Таким образом, зомби-задачи – это процессы, которые были завершены, но все еще присутствуют в таблице процессов. Такое встречается и в Apache AirFlow, распределенной среде, где контейнеры задач выполняются на общих хостах. Если произошло неожиданное завершение выполнения задачи, в логах AirFlow она может превратиться в зомби, будучи фактически завершенной, но по мнению планировщика она все выполняется. AirFlow может скорректировать состояние задачи-зомби, сделав ее завершенной или неудачной, но это отразится на всей цепочке DAG. Все последующие задачи или задачи в очереди после выполнения зомби-задачи не смогут выполниться, даже если реализовано динамическое изменение DAG, о чем мы мы писали здесь.
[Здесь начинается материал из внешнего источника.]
(* Suppose $g(K_a,K_b)<(a-1)(b-1)$ for some positive integers $a$ and $b$. Then there is a constant $\beta<1$ such that $g(n)\le \beta n^2$ for all $n$.
   Context: $K_m$ is the complete graph on $m$ vertices. A complete bipartite subgraph of a graph $G$ has two disjoint nonempty vertex classes $X,Y$ and edge set all $xy$ with $x\in X,y\in Y$ (all edges of $G$). For graphs $G,H$, a block is a set $E(B_1)\times E(B_2)$ where $B_1$ is a complete bipartite subgraph of $G$ and $B_2$ is a complete bipartite subgraph of $H$; $g(G,H)$ is the minimum number of blocks whose union is $E(G)\times E(H)$ with the blocks pairwise disjoint, and $g(n)=g(K_n,K_n)$. *)

From mathcomp Require Import all_boot all_order all_algebra.
Set Implicit Arguments. Unset Strict Implicit. Unset Printing Implicit Defensive.

(* A simple graph: a vertex finType V with a symmetric irreflexive relation e.
   Its edges are the 2-element sets {x,y} with e x y. *)
Definition edges (V : finType) (e : rel V) : {set {set V}} :=
  [set [set x; y] | x in V, y in V & e x y].

Definition Krel (m : nat) : rel 'I_m := fun x y => x != y.

Definition is_cbs (V : finType) (e : rel V) (XY : {set V} * {set V}) : bool :=
  [&& XY.1 :&: XY.2 == set0, XY.1 != set0, XY.2 != set0 &
      [forall x in XY.1, forall y in XY.2, e x y]].

Definition cbs_edges (V : finType) (XY : {set V} * {set V}) : {set {set V}} :=
  [set [set x; y] | x in XY.1, y in XY.2].

Definition block (V W : finType) (B : ({set V} * {set V}) * ({set W} * {set W}))
  : {set {set V} * {set W}} :=
  setX (cbs_edges B.1) (cbs_edges B.2).

Definition decomp (V W : finType) (eV : rel V) (eW : rel W) (k : nat) : bool :=
  [exists f : {ffun 'I_k -> ({set V} * {set V}) * ({set W} * {set W})},
    [&& [forall i, is_cbs eV (f i).1 && is_cbs eW (f i).2],
        [forall i, forall j, (i != j) ==> (block (f i) :&: block (f j) == set0)] &
        \bigcup_i block (f i) == setX (edges eV) (edges eW)]].

(* Decompositions into
   #E(G)*#E(H) blocks (single edge pairs, K_{1,1} x K_{1,1}) always exist,
   so searching k in [0, #E(G)*#E(H)] finds the true minimum. *)
Definition gGH (V W : finType) (eV : rel V) (eW : rel W) : nat :=
  find (decomp eV eW) (iota 0 (#|edges eV| * #|edges eW|).+1).

Definition gK (a b : nat) : nat := gGH (@Krel a) (@Krel b).
Definition g (n : nat) : nat := gK n n.

(* A decomposition of K_a x K_b into c < (a-1)(b-1) blocks yields one of K_A x K_A,
   A = ab, into fewer than (A-1)^2 blocks: view the vertices of K_A as pairs (x, y);
   the edge pairs whose left edge changes x and whose right edge changes y are
   covered by pulling the given decomposition back along the two projections, and
   all other edge pairs by products of star partitions, for a total of at most
   (A-1)^2 - (a-1)(b-1) + c blocks.  Blowing up every vertex of K_A into m copies in
   the same way (edge pairs lying inside copies on both sides take m^2 copies of the
   decomposition of K_A x K_A) gives g(mA) <= (mA)^2 - m^2, a saving of the fixed
   fraction 1/A^2.  Rounding n up to a multiple of A costs only O(An), so
   g(n) <= (1 - 1/K) n^2 with K = 4A^3 once n > K, and g(n) <= (n-1)^2 covers n <= K. *)

From mathcomp Require Import all_boot all_order all_algebra.
From mathcomp Require Import zify.
Set Implicit Arguments. Unset Strict Implicit. Unset Printing Implicit Defensive.
Import Order.TTheory GRing.Theory Num.Theory.
Lemma horner_deriv_denom_poly x : (forall a, x != zp a) ->
  denom_poly^`().[x] = denom_poly.[x] * \sum_a (m a)%:R / (x - zp a).
Proof.
move=> xP; rewrite /denom_poly horner_deriv_prod => [|a _]; last first.
  by rewrite horner_exp hornerXsubC expf_neq0 // subr_eq0.
congr (_ * _); apply: eq_bigr => a _; have xa0 : x - zp a != 0 by rewrite subr_eq0.
rewrite deriv_exp derivXsubC mul1r hornerMn !horner_exp hornerXsubC.
by case: (m a) => [|n]; rewrite ?mulr0n ?mul0r // -mulr_natl exprS; field; rewrite xa0 expf_neq0.
Qed.

Lemma size_denom_poly : size denom_poly = M.+1.
Proof.
rewrite size_prod => [|a _]; last by rewrite expf_neq0 // polyXsubC_eq0.
under eq_bigr do rewrite size_exp_XsubC -addn1.
by rewrite big_split /= sum1_card -addSn addnK.
Qed.

Lemma size_numer_poly : linf != 0 -> size numer_poly = M.+1.
Proof.
move=> linf0; rewrite /numer_poly addrC size_polyDl size_polyN size_scale // size_denom_poly //.
rewrite ltnS; apply: (big_ind (fun q : {poly R[i]} => size q <= M)%N) => [|p q|a _].
- by rewrite size_poly0.
- by move=> sp sq; apply: leq_trans (size_polyD _ _) _; rewrite geq_max sp sq.
apply: (big_ind (fun q : {poly R[i]} => size q <= M)%N) => [|p q|p _].
- by rewrite size_poly0.
- by move=> sp sq; apply: leq_trans (size_polyD _ _) _; rewrite geq_max sp sq.
apply: leq_trans (size_scale_leq _ _) _.
by rewrite size_divp ?expf_neq0 ?polyXsubC_eq0 // size_denom_poly size_exp_XsubC /= subSS leq_subr.
Qed.

Lemma root_numer_poly x : (forall a, x != zp a) ->
  root numer_poly x = (phi m zp c linf x == 0).
Proof.
by move=> xP; rewrite rootE horner_numer_poly // mulf_eq0 (negbTE (denom_poly_neq0 xP)).
Qed.

Lemma numer_poly_split : linf != 0 ->
  exists2 rs : seq R[i], size rs = M &
    numer_poly = lead_coef numer_poly *: \prod_(r <- rs) ('X - r%:P).
Proof.
move=> linf0; have [rs Qrs] := closed_field_poly_normal numer_poly; exists rs => //.
have lc0 : lead_coef numer_poly != 0 by rewrite lead_coef_eq0 -size_poly_eq0 size_numer_poly.
by have := size_numer_poly linf0; rewrite {1}Qrs size_scale // size_prod_XsubC => -[].
Qed.

Lemma numer_poly_root_near x (A B : R) : linf != 0 -> (forall a, x != zp a) ->
  normc (\sum_a (m a)%:R / (x - zp a)) <= B -> 0 < A -> A <= normc (dchi m zp c x) ->
  2 * B * normc (phi m zp c linf x) <= A ->
  exists2 r, root numer_poly r & normc (x - r) * A <= 2 * M%:R * normc (phi m zp c linf x).
Proof.
move=> linf0 xP hB A0 hA hphi; set f := phi m zp c linf x in hphi *.
have [f0|f0] := eqVneq f 0.
  exists x; first by rewrite root_numer_poly // -/f f0.
  by rewrite f0 subrr !normc0 mul0r mulr0.
have f0' : 0 < normc f by rewrite normc_gt0.
have [rs size_rs Qrs] := numer_poly_split linf0.
have Qx0 : numer_poly.[x] != 0 by rewrite horner_numer_poly // mulf_neq0 ?denom_poly_neq0.
have sum_rs : \sum_(r <- rs) (x - r)^-1 = \sum_a (m a)%:R / (x - zp a) + dchi m zp c x / f.
  rewrite -(horner_logderiv_split (c := lead_coef numer_poly)) -Qrs //.
  rewrite horner_deriv_numer_poly // horner_numer_poly // horner_deriv_denom_poly // -/f; field.
  by rewrite f0 denom_poly_neq0.
have L0 : 0 < A / (2 * normc f) by rewrite divr_gt0 ?mulr_gt0.
have hL : A / (2 * normc f) <= normc (\sum_(r <- rs) (x - r)^-1).
  have hdf : A / normc f <= normc (dchi m zp c x / f).
    by rewrite normcM normcV ler_wpM2r ?invr_ge0 ?normc_ge0.
  have hBf : B <= A / (2 * normc f) by rewrite ler_pdivlMr ?mulr_gt0 //; lra.
  have halve : A / (2 * normc f) = A / normc f - A / (2 * normc f) by field; rewrite gt_eqF.
  rewrite sum_rs addrC; have := lerB_distc (dchi m zp c x / f) (- \sum_a (m a)%:R / (x - zp a)).
  rewrite opprK normcN; lra.
have [r r_rs hr] := exists_near_of_sum_inv L0 hL.
exists r; first by rewrite rootE Qrs hornerZ mulf_eq0 -rootE root_prod_XsubC r_rs orbT.
by move: hr; rewrite size_rs mulrA ler_pdivrMr ?mulr_gt0 //; lra.
Qed.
Зомбирование может произойти, когда задача завершает выполнение, но рабочий процесс AirFlow завершается, прежде чем он пометил задачу как «успешную» или «неудачную». В результате задача остается в состоянии «выполняется». Важно отметить, что зомби-задачи — это не то же самое, что «тупиковые» задачи, которые застревают в бесконечном цикле и не могут выполняться. Зомби-задачи завершили свое выполнение, но не были должным образом отмечены как завершенные в базе данных метаданных AirFlow.
Зомби-задачи могут иметь ряд негативных последствий для конвейеров обработки данных:
- затрудняют мониторинг и отладку, увеличивая список задач и мешая дата-инженеру увидеть, какие задачи на самом деле выполняются;
- блокируют выполнение нижестоящих задач. Если задача имеет задачу-зомби в качестве зависимости, она не сможет работать, пока задача-зомби не будет решена. Это приводит к задержкам в конвейерах обработки данных и снижает их эффективность.
- снижают точность статуса конвейера обработки данных. Если задача помечена как «выполняется», но на самом деле завершена, может создаться впечатление, что конвейер все еще выполняется, когда он на самом деле завершен. Это может запутать дата-инженера и затруднить понимание состояния конвейеров.
Пользовательский интерфейс администратора AirFlow позволяет найти зомби-задачи, которые могут влиять на запуск DAG, препятствуют выполнению нижестоящих задач или поставленных в очередь. Если на запуск DAG влияют задачи-зомби, то он всегда находится в состоянии выполнения, но входящие в него задачи не выполняются задачи, а также поставленные в очередь или нижестоящие задачи, постоянно ожидают выполнения.
Можно справиться с задачами-зомби, вручную пометив их как «успешные» или «неудачные» в GUI AirFlow на странице «Экземпляры задач». Но это может занять много времени и довольно непрактично в производственной среде, где одновременно работает много конвейеров. Другие, более эффективные способы борьбы с зомби-задачами мы рассмотрим далее.
Как бороться с зомби-задачами в Apache AirFlow
Рассмотрим влияние зомби-задач на практическом примере. Например, планировщик добавляет задачу в очередь исполнителей для запуска оператора пода Kubernetes в пуле узлов. Один из рабочих узлов берет задачу и инициализирует ее экземпляр. Если, к примеру, из-за помех на линии передачи данных или локального сбоя узла кластера, worker не может отправить heartbeat-сигнал в БД в течение интервала, большего чем значение конфигурации scheduler_zombie_task_threshold, то планировщик помечает задачу как зомби.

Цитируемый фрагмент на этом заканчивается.